With Claudio’s permission I will reply to your latest message (and also take the opportunity to make some further remarks).
I took Claudio to be proposing an interpretation of the HP program different from yours, one that’s an explicit multiverse program. No? If not, then I guess we return to the place where I still don’t quite grasp what the HPer is up to. The universer is studying V. The HPer is studying …

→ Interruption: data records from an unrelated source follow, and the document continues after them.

(* Let $m>1$, $p\equiv1\pmod m$ an odd prime, and $r$ an integer whose class in $(\mathbb Z/p\mathbb Z)^\times$ has order $m$; let $s$ be an integer with $rs\equiv1\pmod p$. Let $L/F$ be a Galois extension of number fields with $\mathrm{Gal}(L/F)=\langle\sigma,\tau:\sigma^p=\tau^m=1,\ \tau^{-1}\sigma\tau=\sigma^r\rangle$, and let $k$ be the fixed field of $\langle\sigma\rangle$. Then the map $\theta:\mathrm{Am}\to (E_k\cap N_{L/k}L^\times)/N_{L/k}E_L$ satisfies $\theta(c^\tau)=\theta(c)^{s\tau}$ for all $c\in\mathrm{Am}$.
   Context: $\mathrm{Am}=\{c\in\mathrm{Cl}_p(L):c^\sigma=c\}$, where $\mathrm{Cl}_p(L)$ is the Sylow $p$-subgroup of the class group of $L$; $E_M$ is the unit group of $M$. For $c\in\mathrm{Am}$ choose an ideal $\mathfrak a\in c$, write $\mathfrak a^{\sigma-1}=(\alpha)$ with $\alpha\in L^\times$; then $\theta(c)=N_{L/k}(\alpha)\cdot N_{L/k}E_L$ (well defined). The group $(E_k\cap N_{L/k}L^\times)/N_{L/k}E_L$ has exponent $p$ and $\tau$ acts on it; $x^{s\tau}$ means $(x^s)^\tau$. *)

From HB Require Import structures.
From mathcomp Require Import all_boot all_order all_algebra all_fingroup all_field.
Set Implicit Arguments. Unset Strict Implicit. Unset Printing Implicit Defensive.
Import GRing.Theory Num.Theory.
Local Open Scope ring_scope.

(* Number fields are modelled as subfields L of an ambient finite Galois
   extension M of Q (M : splittingFieldType rat); every number field embeds
   in such an M (e.g. its Galois closure). *)

Section NF.
Variable M : splittingFieldType rat.
(* Let $n,m\in\mathbb N$, $d:=\min\{n,m\}$, $\alpha\in[1,d]$, and $\mathcal S_\alpha:=\{xx^\ast:x\in\mathcal V_\alpha\}$. Then $\mathsf K_\alpha=\mathrm{cone}(\mathcal S_\alpha)$, i.e. the convex cone generated by $\mathcal S_\alpha$ is already closed.
   Context: For $\psi=\sum_{i,j}a_{ij}e_i\otimes f_j\in\mathbb C^n\otimes\mathbb C^m$, its Schmidt coefficients $s_1(\psi)\ge\dots\ge s_d(\psi)\ge0$ are the singular values of $[a_{ij}]$. For $\alpha\in[1,d]$ with $k=\lfloor\alpha\rfloor$, $\theta=\alpha-k$, $r=\lceil\alpha\rceil$, a unit vector $\psi$ is $\alpha$-admissible if $s_j(\psi)=0$ for $j\ge r+1$ and, when $\theta>0$, $s_{k+1}(\psi)\le\frac\theta k\sum_{j=1}^ks_j(\psi)$; $\mathcal V_\alpha$ is the set of these. $\mathrm{cone}(S)$ denotes the set of finite nonnegative combinations of elements of $S$, and $\mathsf K_\alpha$ is defined as the closure of $\mathrm{cone}(\mathcal S_\alpha)$. *)

(* Complex numbers are R[i] (mathcomp
   real_closed `complex`) over an arbitrary R : realType, with the metric
   topology induced by the modulus; matrices carry the (product) topology of
   mathcomp-analysis. *)
From HB Require Import structures.
From mathcomp Require Import all_boot all_order all_algebra.
From mathcomp Require Import complex.
From mathcomp Require Import all_classical all_reals topology normedtype.
Import Order.TTheory GRing.Theory Num.Theory.
Import numFieldNormedType.Exports.

Set Implicit Arguments.
Unset Strict Implicit.
Unset Printing Implicit Defensive.

Local Open Scope ring_scope.
Local Open Scope classical_set_scope.

HB.instance Definition _ (R : realType) := PseudoPointedMetric.copy R[i] (R[i])^o.

Section Schmidt.
Variable R : realType.
Local Notation C := (R[i]).

(* psi = \sum_{ij} a_ij e_i (x) f_j in C^n (x) C^m is represented by its
   coefficient matrix a : 'M[C]_(n, m). *)

Definition unit_tensor n m (a : 'M[C]_(n, m)) : Prop :=
  \sum_(i < n) \sum_(j < m) `|a i j| ^+ 2 = 1.

(* s (indexed 0 .. d-1, d = min n m) is the nonincreasing list of singular
   values of a: s_j >= 0, nonincreasing, and the s_j^2 (together with n - d
   zeros) are the eigenvalues, with multiplicity, of a a^*. *)
Definition schmidt_coeffs n m (a : 'M[C]_(n, m)) (s : 'I_(minn n m) -> R) : Prop :=
  [/\ forall j, 0 <= s j,
      forall i j : 'I_(minn n m), (i <= j)%N -> s j <= s i &
      char_poly (a *m (map_mx Num.conj a)^T)
        = \prod_(j < minn n m) ('X - ((s j) ^+ 2 +i* 0)%C%:P) * 'X^(n - minn n m)].

(* alpha-admissible unit vectors V_alpha.
   k = floor alpha, theta = alpha - k, r = ceil alpha; 1-based index j >= r+1
   becomes 0-based index j >= r, and s_{k+1} becomes s_k (0-based). *)
Definition admissible n m (alpha : R) (a : 'M[C]_(n, m)) : Prop :=
  let k := Num.truncn alpha in
  let theta := alpha - k%:R in
  unit_tensor a /\
  exists s : 'I_(minn n m) -> R,
    [/\ schmidt_coeffs a s,
        forall j : 'I_(minn n m), (Num.ceil alpha <= (j : nat)%:Z)%R -> s j = 0 &
        0 < theta ->
        forall j : 'I_(minn n m), (j : nat) = k ->
          s j <= theta / k%:R * \sum_(i < minn n m | (i < k)%N) s i].

Definition V_alpha n m (alpha : R) : set 'M[C]_(n, m) := [set a | admissible alpha a].

(* x x^* as an operator on C^n (x) C^m = C^(n*m) (vectorised via mxvec). *)
Definition outer n m (a : 'M[C]_(n, m)) : 'M[C]_(n * m) :=
  let v := (mxvec a)^T in v *m (map_mx Num.conj v)^T.

Definition S_alpha n m (alpha : R) : set 'M[C]_(n * m) :=
  [set outer a | a in @V_alpha n m alpha].

Definition cone N (S : set 'M[C]_N) : set 'M[C]_N :=
  [set M | exists (p : nat) (c : 'I_p -> R) (X : 'I_p -> 'M[C]_N),
     [/\ forall i, 0 <= c i, forall i, S (X i) &
         M = \sum_(i < p) (c i +i* 0)%C *: X i]].

Definition K_alpha n m (alpha : R) : set 'M[C]_(n * m) :=
  closure (cone (@S_alpha n m alpha)).

End Schmidt.

From HB Require Import structures.
From mathcomp Require Import all_boot all_order all_algebra.
From mathcomp Require Import complex lra zify.
From mathcomp Require Import all_classical all_reals topology normedtype.
Import Order.TTheory GRing.Theory Num.Theory.
Import numFieldNormedType.Exports.
Import ArrowAsProduct.

Set Implicit Arguments.
Unset Strict Implicit.
Unset Printing Implicit Defensive.

Local Open Scope ring_scope.
Local Open Scope classical_set_scope.
Local Open Scope complex_scope.

(* Matrices in 'M[C]_N form a real vector space of dimension 2 N^2, so by
   Caratheodory every element of the cone is a conic combination of exactly
   2 N^2 elements of S_alpha.  Each x x^* with x a unit vector has
   trace 1, hence a combination of trace < B has all its coefficients in
   [0, B].  Adding the Schmidt coefficients to the parameters, S_alpha is the
   continuous image of a compact set, so the combinations with coefficients in
   [0, B] form a compact, hence closed, subset of the cone, and it contains
   every element of the cone of trace < B.  A point of the closure of the cone
   has a neighbourhood of trace < B, so it lies in the closure of that subset,
   i.e. in the subset itself. *)

Section Continuity.
Variable T : topologicalType.

Lemma continuous_mx (U : topologicalType) a b (f : T -> 'M[U]_(a, b)) :
  (forall i j, continuous (fun w => f w i j)) -> continuous f.
Proof.
move=> cf x A [P nP PA].
have : \forall w \near x, forall ij : 'I_a * 'I_b, P ij.1 ij.2 (f w ij.1 ij.2).
  by apply: filter_forall => -[i j]; exact: cf.
by apply: filterS => w Pw; apply: PA => i j; exact: (Pw (i, j)).
Qed.

Lemma continuous_sum (K : numFieldType) (V : normedModType K) (I : Type)
    (r : seq I) (P : pred I) (F : I -> T -> V) :
  (forall i, continuous (F i)) ->
  continuous (fun w => \sum_(i <- r | P i) F i w).
Proof.
move=> cF; elim: r => [|i r IHr] w.
  by under eq_fun do rewrite big_nil; exact: cvg_cst.
under eq_fun do rewrite big_cons; case: (P i); last exact: IHr.
exact: (continuousD (cF i w) (IHr w)).
Qed.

And indeed in the HP we have a “single-universe view” (the “ideal V”) which is analysed via a multiverse construct (the Hyperuniverse). It is a hybrid, and that may have caused confusion, for which I apologise. Another added ingredient is the consideration of “thickenings” in quotes, in addition to the lengthenings of the height potentialist. Both are reduced to the mathematical study of the Hyperuniverse (the reduction to the Hyperuniverse”, a bit more about that below).
… an ‘ideal V’? What is that?
The Hyperuniverse is also an ideal construct, it is defined within the ideal V. Conversely, truth in the ideal V is clarified through an analysis of its associated (ideal) Hyperuniverse. There is a dynamic interplay, a “dualism” as Claudio explained. There is no thick ontology for the ideal Hyperuniverse just as there is none for the ideal V.
The hyperuniverse is also ideal: the collection of ctms inside ‘ideal V’, right? What work is ‘ideal’ doing here? Why not just V and the collection of ctms in V?
1. I can acknowledge that a single-universe view (with no multiverse considerations) is the most obvious view for the foundations of Set Theory. But I don’t think it has better prospects than a multiverse view (or “hybrid” view as in the HP), since it has been quite obvious for a long time that independence is extensive in ST (Set Theory) and in my view this makes any single universe view that exceeds TR (Thin Realism) quite useless. What good is a single universe if we don’t know what form it takes and can only imagine a wide range of possibilities for that form?
Sure, the ordinary universer has a long way to go in figuring out the features of V. But the aim remains a single theory of sets, which is the most natural way of satisfying the foundational goal. My point is just that this goal generates a methodological maxim I once called ‘Unifiy': go for one accepted theory of sets if at all possible. (It might turn out to be impossible, given other goals, but it doesn’t seem to me that that has happened yet.)
What Claudio and I established was that, on his understanding of the HP, the HP has embraced the methodological maxim of Unify — not in the universer’s way, in a different way — so I was ready to move on to the next question: how to understand the ontology of the HP.
As for the Thin Realist, she’s beholden to those extrinsic payoffs. Until they abound, she sticks to her simple universe understanding.
“HP identifies a core model-theoretic construct, that is, c.t.m., as the only constituent of multiverse [thin] ontology. Further, mathematical and logical, reasons for this choice have been explained at length by Sy, but I wish to recall that the main (and, to some extent, remarkable) fact is that we do not lose any information about set-theoretic truth by making this choice.”
I hope that this point has finally come across. Pen, Hugh and Harvey have each asked how I make the reduction to ctm’s and I can only ask them to please re-read what I have said about this at great length and through great effort in this exchange. The HP analyses Maximality through the study of certain very particular properties of ctm’s, but unlike what both Hugh and Harvey have tried to claim, it is much more than the study of ctm’s. The ctm’s are just the mathematical tool needed.
I realize this is frustrating for you, but what you’ve said so far about the ‘reduction to ctms’ hasn’t yet produced understanding (for me) or conviction (for Hugh or Harvey). I’m still stuck, as above, on figuring out where the ctms live, what makes everything ‘ideal’, and so on. They have other concerns.